The Financial Times reported that suspected Israeli strikes have claimed the lives of 18 IRGC commanders and advisers since the Gaza war broke out on October 7.
According to the report, all of the slain IRGC forces were targeted in Syria, with 16 in Damascus, one in Deir ez-Zor and one in Baniyas.
Since the Gaza war broke out, Iran’s proxies have attacked Israel from Lebanon, Syria, Iraq and Yemen, and attacked US targets in the region as punishment for the US backing of Israel’s right to defend itself in the wake of October 7. In the most deadly day for Jews since the holocaust, over 1,200 mostly civilians were murdered and over 250 taken hostage.
Israel’s Monday attacks against Iran's consulate building in Damascus have been the deadliest since the inception of the ongoing conflict in the region, killing seven IRGC forces, including two top commanders.
The most prominent figure killed in the recent attacks was Mohammad Reza Zahedi, the highest-ranking commander of the Iranian Revolutionary Guards Quds Force (IRGC-QF) in Lebanon and Syria. Qods Force is the IRGC’s overseas branch coordinating proxy activities.
Zahedi, 63, joined the basij militias as a teenager and became involved in suppressing protesters. He was a mid-level commander during the Iran-Iraq war and was known by the pseudonym Ali Zahedi. In the mid-2000s, he went to Lebanon where he quickly established a strong network within Hezbollah, to the point he became “the only non-Lebanese member of the group’s council,” Amwaj Media reported.
Zahedi was appointed by Supreme Leader Ali Khamenei as the commander of the IRGC ground forces in 2006. He was later transferred to the IRGC Qods Force. According to his son, Zahedi had not returned to Iran since the start of the Gaza war, sparked by Iran-backed Hamas’s invasion of Israel, and only recently spent a few days in the country on the occasion of Nowruz, Iranian New Year.
The second most important person killed in Israel’s Monday strike was Zahedi’s deputy Mohammadhadi Haji Rahimi. Iranian media have called him the deputy coordinator of the IRGC Qods Force. According to reports, he had been a member of the Quds Force since it was formed and was one of its first commanders. Like Zahedi, Haji Rahimi was also a veteran of the Iran-Iraq war and participated in other regional wars in which Iran was involved in some way.

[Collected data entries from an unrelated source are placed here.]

(* Let $\mathcal{F},\mathcal{G}:\mathbf{Sets}\times\mathbf{Sets}\to\mathbf{Sets}$ be functors that preserve injections and preserve pullbacks along injective morphisms, and let $\mathcal{GF}:\mathbf{Sets}\times\mathbf{Sets}\to\mathbf{Sets}\times\mathbf{Sets}$ be $\mathcal{GF}(N,E)=(\mathcal{F}(N,E),\mathcal{G}(N,E))$. Let $\mathcal{M}$ be the class of morphisms $\langle f_N,f_E\rangle$ of $\mathcal{GF}$-coalgebras with $f_N$ and $f_E$ injective. Then $(\mathbf{Coalg}_{\mathcal{GF}},\mathcal{M})$ is an $\mathcal{M}$-adhesive category.
   Context: A $\mathcal{GF}$-coalgebra (coalgebraic graph) is $(N,E)$ with functions $c:N\to\mathcal{F}(N,E)$ and $st:E\to\mathcal{G}(N,E)$; morphisms are pairs $(f_N,f_E)$ with $\mathcal{F}(f_N,f_E)\circ c_1=c_2\circ f_N$ and $\mathcal{G}(f_N,f_E)\circ st_1=st_2\circ f_E$. A functor on $\mathbf{Sets}\times\mathbf{Sets}$ preserves injections if it maps componentwise injective pairs to injective maps, and preserves pullbacks along injective morphisms if it maps every pullback square (computed componentwise) over a cospan one of whose legs is componentwise injective to a pullback. A pair $(\mathbf{C},\mathcal{M})$ with $\mathcal{M}$ a class of monomorphisms is $\mathcal{M}$-adhesive if $\mathcal{M}$ contains identities and is closed under composition, pushouts and pullbacks along $\mathcal{M}$-morphisms exist and $\mathcal{M}$ is stable under them, and pushouts along $\mathcal{M}$-morphisms are vertical weak van Kampen squares (for any commutative cube with such a pushout as bottom, pullbacks as back faces and all vertical morphisms in $\mathcal{M}$, the top face is a pushout iff the front faces are pullbacks). *)

Definition injective {A B : Type} (f : A -> B) : Prop :=
  forall x y, f x = f y -> x = y.

Definition isPullbackSet {P X Y Z : Type}
  (p1 : P -> X) (p2 : P -> Y) (g1 : X -> Z) (g2 : Y -> Z) : Prop :=
  (forall x, g1 (p1 x) = g2 (p2 x)) /\
  forall (Q : Type) (q1 : Q -> X) (q2 : Q -> Y),
    (forall x, g1 (q1 x) = g2 (q2 x)) ->
    exists u : Q -> P,
      (forall x, p1 (u x) = q1 x) /\ (forall x, p2 (u x) = q2 x) /\
      forall u' : Q -> P,
        (forall x, p1 (u' x) = q1 x) -> (forall x, p2 (u' x) = q2 x) ->
        forall x, u' x = u x.

Record BiFunctor := {
  ob :> Type -> Type -> Type;
  fmap : forall {A B C D : Type}, (A -> C) -> (B -> D) -> ob A B -> ob C D;
  fmap_id : forall (A B : Type) (x : ob A B), fmap (fun a => a) (fun b => b) x = x;
  fmap_comp : forall (A B C D E H : Type) (f : A -> C) (g : B -> D)
                (f' : C -> E) (g' : D -> H) (x : ob A B),
      fmap (fun a => f' (f a)) (fun b => g' (g b)) x = fmap f' g' (fmap f g x)
}.
Arguments fmap _ {A B C D} _ _ _.

Definition preserves_injections (F : BiFunctor) : Prop :=
  forall (A B C D : Type) (f : A -> C) (g : B -> D),
    injective f -> injective g -> injective (fmap F f g).

Definition preserves_pullbacks_along_injections (F : BiFunctor) : Prop :=
  forall (P1 P2 X1 X2 Y1 Y2 Z1 Z2 : Type)
    (p11 : P1 -> X1) (p12 : P2 -> X2) (p21 : P1 -> Y1) (p22 : P2 -> Y2)
    (g11 : X1 -> Z1) (g12 : X2 -> Z2) (g21 : Y1 -> Z1) (g22 : Y2 -> Z2),
    isPullbackSet p11 p21 g11 g21 ->
    isPullbackSet p12 p22 g12 g22 ->
    ((injective g11 /\ injective g12) \/ (injective g21 /\ injective g22)) ->
    isPullbackSet (fmap F p11 p12) (fmap F p21 p22)
                  (fmap F g11 g12) (fmap F g21 g22).

Section Coalgebras.
Variables (F G : BiFunctor).

Record Coalg := {
  Nd : Type;
  Ed : Type;
  cmap : Nd -> F Nd Ed;
  stmap : Ed -> G Nd Ed
}.

Record Hom (X Y : Coalg) := {
  hN : Nd X -> Nd Y;
  hE : Ed X -> Ed Y;
  hom_c : forall n, fmap F hN hE (cmap X n) = cmap Y (hN n);
  hom_st : forall e, fmap G hN hE (stmap X e) = stmap Y (hE e)
}.
Arguments hN {X Y} _ _ : rename.
Arguments hE {X Y} _ _ : rename.

Definition heq {X Y : Coalg} (f g : Hom X Y) : Prop :=
  (forall n, hN f n = hN g n) /\ (forall e, hE f e = hE g e).

Program Definition hid (X : Coalg) : Hom X X :=
  {| hN := fun n => n; hE := fun e => e |}.
Next Obligation. intros; apply fmap_id. Qed.
Next Obligation. intros; apply fmap_id. Qed.

Program Definition hcomp {X Y Z : Coalg} (g : Hom Y Z) (f : Hom X Y) : Hom X Z :=
  {| hN := fun n => hN g (hN f n); hE := fun e => hE g (hE f e) |}.
Next Obligation.
  intros; rewrite fmap_comp, !hom_c. reflexivity. Qed.
Next Obligation.
  intros; rewrite fmap_comp, !hom_st. reflexivity. Qed.

Definition commutes {P X Y Z : Coalg}
  (p1 : Hom P X) (p2 : Hom P Y) (g1 : Hom X Z) (g2 : Hom Y Z) : Prop :=
  heq (hcomp g1 p1) (hcomp g2 p2).

Definition isPullback {P X Y Z : Coalg}
  (p1 : Hom P X) (p2 : Hom P Y) (g1 : Hom X Z) (g2 : Hom Y Z) : Prop :=
  commutes p1 p2 g1 g2 /\
  forall (Q : Coalg) (q1 : Hom Q X) (q2 : Hom Q Y),
    commutes q1 q2 g1 g2 ->
    exists u : Hom Q P,
      heq (hcomp p1 u) q1 /\ heq (hcomp p2 u) q2 /\
      forall u' : Hom Q P,
        heq (hcomp p1 u') q1 -> heq (hcomp p2 u') q2 -> heq u' u.

Definition isPushout {A B C D : Coalg}
  (m : Hom A B) (f : Hom A C) (g : Hom B D) (n : Hom C D) : Prop :=
  commutes m f g n /\
  forall (Q : Coalg) (u : Hom B Q) (v : Hom C Q),
    commutes m f u v ->
    exists w : Hom D Q,
      heq (hcomp w g) u /\ heq (hcomp w n) v /\
      forall w' : Hom D Q,
        heq (hcomp w' g) u -> heq (hcomp w' n) v -> heq w' w.

Definition isMono {X Y : Coalg} (m : Hom X Y) : Prop :=
  forall (Q : Coalg) (u v : Hom Q X), heq (hcomp m u) (hcomp m v) -> heq u v.

Definition MorClass := forall X Y : Coalg, Hom X Y -> Prop.

Definition Minj : MorClass :=
  fun X Y f => injective (hN f) /\ injective (hE f).

(* top:    A' --m'--> B'        bottom:  A --m--> B
             |f'        |g'                |f       |g
             C' --n'--> D'                 C --n--> D
     vertical: a : A' -> A, b : B' -> B, c : C' -> C, d : D' -> D
     back faces : (A',B',A,B) and (A',C',A,C)
     front faces: (B',D',B,D) and (C',D',C,D)                   *)
Definition vertical_weak_VK (M : MorClass) {A B C D : Coalg}
  (m : Hom A B) (f : Hom A C) (g : Hom B D) (n : Hom C D) : Prop :=
  forall (A' B' C' D' : Coalg)
    (m' : Hom A' B') (f' : Hom A' C') (g' : Hom B' D') (n' : Hom C' D')
    (a : Hom A' A) (b : Hom B' B) (c : Hom C' C) (d : Hom D' D),
    commutes m' f' g' n' ->
    commutes m' a b m ->
    commutes f' a c f ->
    commutes g' b d g ->
    commutes n' c d n ->
    M _ _ a -> M _ _ b -> M _ _ c -> M _ _ d ->
    isPullback m' a b m ->
    isPullback f' a c f ->
    (isPushout m' f' g' n' <-> (isPullback g' b d g /\ isPullback n' c d n)).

Hossein Amanollahi, Mehdi Jalalati, Mohsen Sedaghat, Ali Agha-Babaei, and Ali Salehi Rouzbahani were the other five members of the IRGC Quds Force who lost their lives in Israel’s Monday strikes.
In the past few months, two other high-ranking IRGC commanders were killed in suspected Israeli attacks in Syria: Razi Moussavi and Hojjatollah Omidvar.
Razi Mousavi (aka Seyyed Razi) was targeted by a direct airstrike on December 25. He headed IRGC’s ‘logistics’ and military coordination in Syria, getting weapons for and coordinating Iran-backed forces in Syria and Lebanon.
On January 20, a building in Damascus’s Mazzeh neighborhood was struck in an attack which claimed the life of Hojjatollah Omidvar (also known as Hajj Sadegh), a senior IRGC commander. He served as the deputy intelligence chief of Qods Force in Syria. Four other IRGC officers were also killed in the strike: Ali Aghazadeh, Saeed Karimi, Mohammad Amin Samadi and Hossein Mohammadi.
Among other IRGC victims of the alleged Israeli attacks are Behrouz Vahedi (targeted in Deir ez-Zor, March 26), Reza Zarei (targeted in Baniyas, March 1), Saeed Alidadi (targeted in south of Damascus, February 2), and Mohammadali Ataei Shourcheh and Panah Taghizadeh (both targeted in Damascus, December 2). The Iranian media have described them as “military advisers.”